[Opening DATA SHOWN section]

(* Let a logic be given by a sentential language with a constant expressive semantics over a finite set $V$ of truth values, whose consequence relation is induced by an intersective mixed consequence truth-relation $\models$, and suppose the logic has a G-conditional. Then for every classical connective $C$ (a truth function $\{0,1\}^n\to\{0,1\}$), there is a truth function $\underline{C^+}:V^n\to V$ such that a connective $C^+$ interpreted by it is regular for the logic with a regularity rule $(\mathcal{B}^p,\mathcal{B}^c)$ that is also satisfied by $C$ in classical logic.
   Context: Truth values: finite $V$ containing distinct $1,0$. A set of designated values is $\mathcal{D}\subseteq V$ with $1\in\mathcal{D}$, $0\notin\mathcal{D}$; the mixed truth-relation $\models_{\mathcal{D}_p,\mathcal{D}_c}$ holds between $\gamma,\delta\subseteq V$ iff ($\gamma\subseteq\mathcal{D}_p\Rightarrow\delta\cap\mathcal{D}_c\neq\emptyset$); an intersective mixed truth-relation is a finite intersection of such. A sentential language has denumerably many atoms and connectives; a semantics is a set of valuations mapping atoms to $V$, interpreting each $n$-ary connective by a fixed truth function $V^n\to V$ (same for all valuations), extended compositionally, and such that every assignment of values to finitely many distinct atoms is realized by some valuation. The induced consequence relation on sets of formulas: $\Gamma\vdash\Delta$ iff $v(\Gamma)\models v(\Delta)$ for every valuation $v$. Constant expressive: for every $\alpha\in V$ some formula has value $\alpha$ under every valuation. Write $\Gamma,A$ for $\Gamma\cup\{A\}$. An $n$-ary connective $C$ is regular with regularity rule $(\mathcal{B}^p,\mathcal{B}^c)$, $\mathcal{B}^p,\mathcal{B}^c\subseteq\mathcal{P}(\{1..n\})^2$, if for all $\Gamma,\Delta,F_1,\dots,F_n$: $\Gamma,C(F_1,\dots,F_n)\vdash\Delta$ iff for all $(B_p,B_c)\in\mathcal{B}^p$, $\Gamma\cup\{F_i:i\in B_p\}\vdash\{F_i:i\in B_c\}\cup\Delta$; and $\Gamma\vdash C(F_1,\dots,F_n),\Delta$ iff the same holds for all $(B_p,B_c)\in\mathcal{B}^c$. A G-conditional $\to$ is a binary connective with: $\Gamma\vdash A\to B,\Delta$ iff $\Gamma,A\vdash B,\Delta$; and $\Gamma,A\to B\vdash\Delta$ iff ($\Gamma\vdash A,\Delta$ and $\Gamma,B\vdash\Delta$). Classical logic: $V=\{0,1\}$ with the truth-relation $\models_{\{1\},\{1\}}$. *)

From mathcomp Require Import all_boot.

Set Implicit Arguments.
Unset Strict Implicit.
Unset Printing Implicit Defensive.

Section Lang.
Variables (Con : Type) (ar : Con -> nat).

Inductive formula : Type :=
| Atom of nat
| App (c : Con) of ('I_(ar c) -> formula).

Definition interp (V : Type) := forall c : Con, ('I_(ar c) -> V) -> V.

Fixpoint eval (V : Type) (I : interp V) (s : nat -> V) (F : formula) : V :=
  match F with
  | Atom n => s n
  | App c g => I c (fun i => eval I s (g i))
  end.

Definition realizes_finite (V : Type) (S : (nat -> V) -> Prop) :=
  forall (A : seq nat) (g : nat -> V),
    exists2 s, S s & forall a, a \in A -> s a = g a.

Definition constant_expressive (V : Type) (S : (nat -> V) -> Prop) (I : interp V) :=
  forall alpha : V, exists F : formula, forall s, S s -> eval I s F = alpha.

Definition vimg (V : Type) (I : interp V) (s : nat -> V) (G : formula -> Prop) : V -> Prop :=
  fun x => exists2 F, G F & eval I s F = x.

Definition consequence (V : Type) (S : (nat -> V) -> Prop) (I : interp V)
    (R : (V -> Prop) -> (V -> Prop) -> Prop) (G D : formula -> Prop) : Prop :=
  forall s, S s -> R (vimg I s G) (vimg I s D).

End Lang.

Arguments Atom {Con ar}.
Arguments App {Con ar}.

Definition addf (X : Type) (G : X -> Prop) (A : X) : X -> Prop :=
  fun F => G F \/ F = A.
Definition unionf (X : Type) (G D : X -> Prop) : X -> Prop :=
  fun F => G F \/ D F.
Definition imgf (X : Type) (n : nat) (F : 'I_n -> X) (B : {set 'I_n}) : X -> Prop :=
  fun G => exists2 i, i \in B & G = F i.

Definition designated (V : finType) (one zero : V) (D : {set V}) :=
  one \in D /\ zero \notin D.

Definition mixed (V : finType) (Dp Dc : {set V}) (g d : V -> Prop) : Prop :=
  (forall x, g x -> x \in Dp) -> exists2 x, d x & x \in Dc.

Definition inter_mixed (V : finType) (L : seq ({set V} * {set V}))
    (g d : V -> Prop) : Prop :=
  forall p, p \in L -> mixed p.1 p.2 g d.

Definition regular (X : Type) (cons : (X -> Prop) -> (X -> Prop) -> Prop)
    (n : nat) (C : ('I_n -> X) -> X) (Bp Bc : {set {set 'I_n} * {set 'I_n}}) :=
  forall (G D : X -> Prop) (F : 'I_n -> X),
    (cons (addf G (C F)) D <->
       forall B, B \in Bp -> cons (unionf G (imgf F B.1)) (unionf (imgf F B.2) D))
 /\ (cons G (addf D (C F)) <->
       forall B, B \in Bc -> cons (unionf G (imgf F B.1)) (unionf (imgf F B.2) D)).

Definition Gconditional (X : Type) (cons : (X -> Prop) -> (X -> Prop) -> Prop)
    (imp : X -> X -> X) :=
  forall (G D : X -> Prop) (A B : X),
    (cons G (addf D (imp A B)) <-> cons (addf G A) (addf D B))
 /\ (cons (addf G (imp A B)) D <-> (cons G (addf D A) /\ cons (addf G B) D)).

Definition has_Gconditional (Con : Type) (ar : Con -> nat)
    (cons : (formula ar -> Prop) -> (formula ar -> Prop) -> Prop) :=
  exists c0 : Con, ar c0 = 2 /\
    Gconditional cons
      (fun A B => App c0 (fun i : 'I_(ar c0) => if nat_of_ord i == 0 then A else B)).

Definition ext_ar (Con : Type) (ar : Con -> nat) (n : nat) : option Con -> nat :=
  fun c => match c with Some c' => ar c' | None => n end.

Definition ext_I (Con : Type) (ar : Con -> nat) (V : Type) (I : interp ar V)
    (n : nat) (f : ('I_n -> V) -> V) : interp (ext_ar ar n) V :=
  fun c => match c return ('I_(ext_ar ar n c) -> V) -> V with
           | Some c' => I c'
           | None => f
           end.

Definition newconn (Con : Type) (ar : Con -> nat) (n : nat)
    (F : 'I_n -> formula (ext_ar ar n)) : formula (ext_ar ar n) :=
  @App _ (ext_ar ar n) None F.

Definition classical_cons (Con : Type) (ar : Con -> nat) (I : interp ar bool) :=
  consequence (fun _ : nat -> bool => True) I
    (inter_mixed [:: ([set true], [set true])]).

From mathcomp Require Import all_boot.
From Stdlib Require Import Classical FunctionalExtensionality.

(* An intersective mixed truth-relation is the intersection of its minimal
   pairs (Dp, Dc). By constant expressiveness, a sequent whose left side
   contains every constant formula with value in Dp and whose right side
   contains every constant formula with value outside Dc can only be refuted
   at (Dp, Dc); evaluating the two rules of the G-conditional on such sequents
   shows that its truth function f satisfies
     f a b \in Dp = (a \notin Dc) || (b \in Dp),
     f a b \in Dc = (a \notin Dp) || (b \in Dc).
   Hence "in Dp" and "in Dc" behave like two classical valuations that the
   negation a |-> f a 0 exchanges. The disjunctive normal form of C written
   with f then lies in Dp (resp. outside Dc) exactly when some true row of C
   is matched by its arguments, and these two conditions are the left rule Bp
   (one premise per true row) and the right rule Bc (all pairs hitting every
   true row), which C also obeys classically. *)

Set Implicit Arguments.
Unset Strict Implicit.
Unset Printing Implicit Defensive.

Section MinimalPairs.
Variable V : finType.
Implicit Types (P Q R : {set V} * {set V}) (L : seq ({set V} * {set V})).

Definition pair_below Q P := (P.1 \subset Q.1) && (Q.2 \subset P.2).

Definition minimal_in L P := (P \in L) && all (fun Q => pair_below Q P ==> (Q == P)) L.

Lemma pair_below_refl P : pair_below P P.
Proof. by rewrite /pair_below !subxx. Qed.

Lemma pair_below_trans R Q P : pair_below R Q -> pair_below Q P -> pair_below R P.
Proof.
case/andP=> sQR sRQ /andP[sPQ sQP]; apply/andP; split.
  exact: subset_trans sPQ sQR.
exact: subset_trans sRQ sQP.
Qed.

Lemma mixed_pair_below Q P g d :
  pair_below Q P -> mixed Q.1 Q.2 g d -> mixed P.1 P.2 g d.
Proof.
case/andP=> /subsetP sPQ /subsetP sQP mixQ gP.
have [x dx xQ] := mixQ (fun x gx => sPQ x (gP x gx)).
by exists x => //; apply: sQP.
Qed.

Lemma minimal_in_below L P Q :
  minimal_in L P -> Q \in L -> pair_below Q P -> Q = P.
Proof. by case/andP=> _ /allP minP QL QP; apply/eqP/(implyP (minP Q QL)). Qed.

Lemma exists_minimal_below L P :
  P \in L -> exists2 Q, minimal_in L Q & pair_below Q P.
Proof.
move=> PL; pose size_below Q := #|~: Q.1| + #|Q.2|.
have PP : (P \in L) && pair_below P P by rewrite PL pair_below_refl.
have [Q /andP[QL QP] Qmin] :=
  @arg_minnP _ P [pred Q | (Q \in L) && pair_below Q P] size_below PP.
exists Q => //; rewrite /minimal_in QL; apply/allP => R RL; apply/implyP => RQ.
have /andP[sQR sRQ] := RQ.
have le_size := leqif_add (subset_leqif_cards (etrans (setCS _ _) sQR))
                          (subset_leqif_cards sRQ).
have := Qmin R; rewrite inE RL (pair_below_trans RQ QP) => /(_ isT).
rewrite /size_below (geq_leqif le_size) => /andP[eqC1 eq2].
by rewrite -pair_eqE /= -(inj_eq (@setC_inj _)) eqC1 eq2.
Qed.

Lemma inter_mixed_minimal L g d :
  inter_mixed L g d <-> forall P, minimal_in L P -> mixed P.1 P.2 g d.
Proof.
split=> [mixL P /andP[PL _] | mixM P PL]; first exact: mixL.
have [Q minQ QP] := exists_minimal_below PL.
exact: mixed_pair_below QP (mixM Q minQ).
Qed.

End MinimalPairs.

[Closing DATA SHOWN section]

* **THE TASK**
The required output is the stretch of entries above from the line containing "true row), which" through the line containing "Definition pair_below Q", reproduced exactly.

* **ANSWER SPACE**
   true row), which C also obeys classically. *)

Set Implicit Arguments.
Unset Strict Implicit.
Unset Printing Implicit Defensive.

Section MinimalPairs.
Variable V : finType.
Implicit Types (P Q R : {set V} * {set V}) (L : seq ({set V} * {set V})).

Definition pair_below Q P := (P.1 \subset Q.1) && (Q.2 \subset P.2).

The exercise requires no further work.